Question

A white powder A on heating gave a non-combustible gas and a white residue. The residue on heating turns yellow. The residue dissolves in dilute $HCl$ and the solution gives a white precipitate with ${{K}_{4}}[Fe{{(CN)}_{6}}]$. Compound A is:
(A) $CaC{{O}_{3}}$
(B) $ZnC{{O}_{3}}$
(C) $CaS{{O}_{3}}$
(D) $CuC{{O}_{3}}$

Answer 1

An attempt to this question can be made by taking one of the options and performing the above set of reactions and matching the observations. It is observed that zinc oxide on heating turns yellow and is white when cold. $Zn$ salts are known to precipitate as well. Based on this you can determine the carbonate salt which will have observations similar to the ones mentioned in the question.

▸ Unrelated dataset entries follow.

Lemma SInv156_nonconst_background u x :
  u <> nil -> (forall b, exists i, periodic u i = b) -> SInv 156 u x.
Proof.
  intros Hu Hboth. destruct (periodic_has_wall u Hu Hboth) as [m Hm].
  set (L := Z.of_nat (length u)).
  assert (HL : 1 <= L) by (unfold L; destruct u; [congruence | simpl; lia]).
  set (a := m + L * - (Z.abs m + 2)).
  set (b := m + L * (Z.abs m + Z.of_nat (length x))).
  assert (Ha : a + 1 < 0) by (unfold a; nia).
  assert (Hb : Z.of_nat (length x) <= b) by (unfold b; nia).
  assert (Hagr : agree_outside a b (periodic u) (patch u x))
    by (intros i Hi; symmetry; apply patch_outside; lia).
  exists (b - a). intros t. exists (a + 2). intros i Hd.
  pose proof (eca156_iter_agree_outside_walls a b _ _ t
                (periodic_wall_add_period u m _ Hu Hm)
                (periodic_wall_add_period u m _ Hu Hm) Hagr) as Ht.
  destruct (Z_le_gt_dec i (a + 1)); [exfalso; apply Hd, Ht; lia|].
  destruct (Z_le_gt_dec b i); [exfalso; apply Hd, Ht; lia|].
  lia.
Qed.


Lemma CC_le_ext P Q n C : (forall z, P z <-> Q z) -> CC_le P n C -> CC_le Q n C.
Proof.
  intros HPQ HP i Hi. destruct (HP i Hi) as [p [Hd Hrun]].
  exists p. split; [exact Hd|]. intros x y Hx Hy. rewrite Hrun by assumption. apply HPQ.
Qed.

Lemma CC_le_trivial P n C : (forall z, P z) -> CC_le P n C.
Proof.
  intros HP i _. exists (Leaf true). split; [simpl; lia|].
  intros x y _ _. simpl. split; auto.
Qed.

Complete step by step answer:
Carbonate salts upon heating tend to release carbon dioxide in gaseous form and lead to the formation of metal oxide. So, the compound is a carbonate.
The next reaction is heating the metal oxide. It is observed that on heating the oxide turns yellow and returns back to white after cooling. This is a striking property of zinc oxide molecules.
We will now perform the next reaction given in question and verify if our assumption is correct.
${{K}_{4}}[Fe{{(CN)}_{6}}]$ reacts with Zinc(II) ions in aqueous solution. The reaction is mentioned below.
$Z{{n}^{2+}}\,+\,{{[Fe{{(CN)}_{6}}]}^{4-}}\,\to \,\,\,Z{{n}_{2}}{{[Fe{{(CN)}_{6}}]}_{ppt}}$
The product is a white precipitate. Thus, our assumption was right and the compound (A) is identified as $ZnC{{O}_{3}}$.

Therefore, the correct answer is option (B).

Note: It is important to know that zinc oxide turns yellow on heating as it loses oxygen reversibly from its crystal lattice.